Inside
In a way, Inside is a remarkably simple game to describe – it’s like Limbo, but better. The environmental storytelling is both more interesting and easier to follow. The movement is cleaner, the puzzles have less unforgiving timing and the checkpoints are better at reducing frustration. The art, while maybe not as iconic as the silhouettes of limbo, is at least as stylish with stark contrasts of light and shadow being used efficiently to set a mood that is similarly dreadful but more nuanced. I’m guessing some of the thematic differences could make one game appeal to a player over the other, but in general it feels safe to say if you liked Limbo you will also like Inside.
Long before it was released, I was talking about Limbo with a friend who was judging it for the IGF – he mentioned that it was a very animation-driven game, more concerned with how it looked than how it played.
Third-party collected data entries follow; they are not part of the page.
(* Fix $p\in(0,1)$ and consider the Alternating Path Randomized Design. Let $\mathcal{P}_i=(v_{i,1},\dots,v_{i,k(i)+1})$ be a component and write $y_j=Y_{v_{i,j},v_{i,j+1}}$ for $j=1,\dots,k(i)$. If $\mathcal{P}_i$ is a path ($v_{i,k(i)+1}\neq v_{i,1}$), then \[\mathrm{Var}(\hat\Gamma_i)=\frac1p\sum_{j=1}^{k(i)}y_j^2+2\sum_{1\le j<q\le k(i)}p^{q-j-1}y_jy_q.\] If $\mathcal{P}_i$ is a cycle, then, with $k=k(i)$, \[\mathrm{Var}(\hat\Gamma_i)=\frac1p\sum_{j=1}^{k-1}y_j^2+2\sum_{1\le j<q\le k-1}p^{q-j-1}y_jy_q+\frac{p^2+2p-p^{k-1}}{1+p^{k-1}}\,y_k^2+2\sum_{j=1}^{k-1}(-1)^j\Big(\frac{(1-(-p)^{k-1-j})(1-(-p)^{j-1})}{1+p^{k-1}}-1\Big)y_jy_k.\]
   Context: Setting: $2N$ agents; $\mathbb{M}^t,\mathbb{M}^c$ are one-to-one matchings (sets of unordered pairs of distinct agents, each agent in at most one pair); each pair $(a,b)$ has a fixed real potential outcome $Y_{a,b}$. The disagreement set $\triangle\mathbb{M}^{(t,c)}=(\mathbb{M}^t\cup\mathbb{M}^c)\setminus(\mathbb{M}^t\cap\mathbb{M}^c)$, viewed as a graph, has connected components $\mathcal{P}_1,\dots,\mathcal{P}_m$, each an alternating path or cycle: a sequence $(v_{i,1},\dots,v_{i,k(i)+1})$ whose consecutive pairs $e_{i,j}=(v_{i,j},v_{i,j+1})$, $j=1,\dots,k(i)$, are its edges, alternating between $\triangle\mathbb{M}^{(t,c)}_t=\triangle\mathbb{M}^{(t,c)}\cap\mathbb{M}^t$ and $\triangle\mathbb{M}^{(t,c)}_c=\triangle\mathbb{M}^{(t,c)}\cap\mathbb{M}^c$; a cycle if $v_{i,1}=v_{i,k(i)+1}$, a path otherwise. Alternating Path Randomized Design with parameter $p$: indicators $W_{i,j}\in\{0,1\}$, independent across components; within $\mathcal{P}_i$, $\mathbb{P}(W_{i,1}=1)=p/(1+p)$; for $2\le j\le k(i)$ (path) or $2\le j\le k(i)-1$ (cycle), conditionally on $W_{i,1},\dots,W_{i,j-1}$, $W_{i,j}=1$ with probability $p$ if $W_{i,j-1}=0$ and $W_{i,j}=0$ if $W_{i,j-1}=1$; for a cycle, $W_{i,k(i)}=1$ iff $W_{i,1}=W_{i,k(i)-1}=0$. Path-level Horvitz–Thompson estimator: $\hat\Gamma_i=\sum_{j:\,e_{i,j}\in\triangle\mathbb{M}^{(t,c)}_t}\frac{W_{i,j}Y_{e_{i,j}}}{\mathbb{P}(W_{i,j}=1)}-\sum_{j:\,e_{i,j}\in\triangle\mathbb{M}^{(t,c)}_c}\frac{W_{i,j}Y_{e_{i,j}}}{\mathbb{P}(W_{i,j}=1)}$. *)

From mathcomp Require Import all_boot all_order all_algebra.
Set Implicit Arguments. Unset Strict Implicit. Unset Printing Implicit Defensive.
Import Order.TTheory GRing.Theory Num.Theory.
Local Open Scope ring_scope.
(* Let $F(x)=\frac{1-\sqrt{1-4x}}{2x}=\sum_{n\ge0}\frac{1}{n+1}\binom{2n}{n}x^n$ be the generating function of the Catalan numbers. Let $k$ be a positive integer and $m\in\mathbb{N}$. Then $D_{2k,1-k-m}(N)=0$ for $N=1,\dots,m+k-1$ and $D_{2k,1-k-m}(n+m+k)=(-1)^{\binom{m+k}{2}}D_{2k,1-k+m}(n)$ for all $n\in\mathbb{N}$; and $D_{2k-1,2-k-m}(N)=0$ for $N=1,\dots,m+k-2$ and $D_{2k-1,2-k-m}(n+m+k-1)=(-1)^{\binom{m+k-1}{2}}D_{2k-1,1-k+m}(n)$ for all $n\in\mathbb{N}$.
   Context: For a power series $F(x)=\sum_{n\ge0}a_nx^n$ and $K\ge1$, write $F(x)^K=\sum_{n\ge0}a_{K,n}x^n$ and set $a_{K,n}=0$ for $n<0$. For $M\in\mathbb{Z}$ and $K,N\in\mathbb{N}$ with $K\ge1$, define the shifted Hankel determinant $D_{K,M}(N)=\det(a_{K,i+j+M})_{i,j=0}^{N-1}$, with $D_{K,M}(0)=1$. $\mathbb{N}=\{0,1,2,\dots\}$. *)

From HB Require Import structures.
From mathcomp Require Import all_boot all_order all_algebra.
Set Implicit Arguments. Unset Strict Implicit. Unset Printing Implicit Defensive.
Import Order.TTheory GRing.Theory Num.Theory.
Local Open Scope ring_scope.

Definition catF (n : nat) : rat := ('C(n.*2, n))%:R / (n.+1)%:R.

(* Cauchy power of a power series given by its coefficient sequence:
   spow a K n = [x^n] (sum_i a i x^i)^K ; spow a 0 = constant series 1. *)
Fixpoint spow (a : nat -> rat) (K : nat) (n : nat) : rat :=
  match K with
  | O => if n == 0%N then 1 else 0
  | S K' => \sum_(i < n.+1) a i * spow a K' (n - i)%N
  end.

Definition aKn (K : nat) (n : int) : rat :=
  match n with
  | Posz n' => spow catF K n'
  | Negz _ => 0
  end.

Definition hankelD (K : nat) (M : int) (N : nat) : rat :=
  \det (\matrix_(i < N, j < N) aKn K ((i + j)%N%:Z + M)).

From mathcomp Require Import all_boot all_order all_algebra.
From mathcomp Require Import zify ring.
Set Implicit Arguments.
Unset Strict Implicit.
Unset Printing Implicit Defensive.
Import Order.TTheory GRing.Theory Num.Theory.
Local Open Scope ring_scope.

(* Write F for the Catalan series, so F = 1 + x F^2.  Then y = 1 - x F and
   w = x F satisfy y + w = 1, y w = x and F y = 1, hence y^K + w^K = L_K(x)
   for the polynomials L_0 = 2, L_1 = 1, L_(K+2) = L_(K+1) - x L_K, of degree
   at most K/2.  Multiplying by F^K gives F^-K = L_K(x) - x^K F^K, so the
   coefficient of x^t in F^-K is -a_(K,t-K) as soon as 2t > K.
   If f_0 = 1 and g is the inverse series of f, multiplying the Hankel matrix
   (f_(i+j+1-s)) of size s + n on the left by the unitriangular Toeplitz
   matrix (g_(i-j)) makes it block triangular, with the s x s reversed
   identity and -(g_(s+1+i+j)) times a unitriangular Toeplitz matrix as
   diagonal blocks.  Taking f = F^K and s = m + k, resp. m + k - 1, gives the
   Hankel identities; the vanishing ones hold because the first row is zero.
   Truncated power series are handled as polynomials modulo 'X^D. *)

Section PolyCongruence.
Variable R : fieldType.
Implicit Types (p q r t d : {poly R}) (n : nat).

Lemma eq_modpM d p q r t : p %% d = q %% d -> r %% d = t %% d ->
  (p * r) %% d = (q * t) %% d.
Proof.
move=> epq ert.
rewrite -modp_mul ert modp_mul [p * t]mulrC -[(t * p) %% d]modp_mul epq.
by rewrite modp_mul mulrC.
Qed.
Not that this made it bad – Limbo still had controls that were more than good enough for the actions you were undertaking, and if Playdead made any concessions to end up with more coherent visuals it paid off in spades. Many people – several in my own circle of friends – who were largely uninterested in videogames were drawn to Limbo when watching the game being played by someone else.
Inside does what it sets out to do really well, but part of that involves a story that does not allow for too many sidetracks or too complex puzzles to break up the action. As such, it is typically immediately obvious how a puzzle is to be solved and executing the solution is a matter of busywork – sometimes with a degree of tedium. It is maybe not surprising that participation sometimes feel arbitrary in a game that can so easily draw curious bystanders in. Still, the story Inside tells is really interesting and it has the good sense not to drag it out.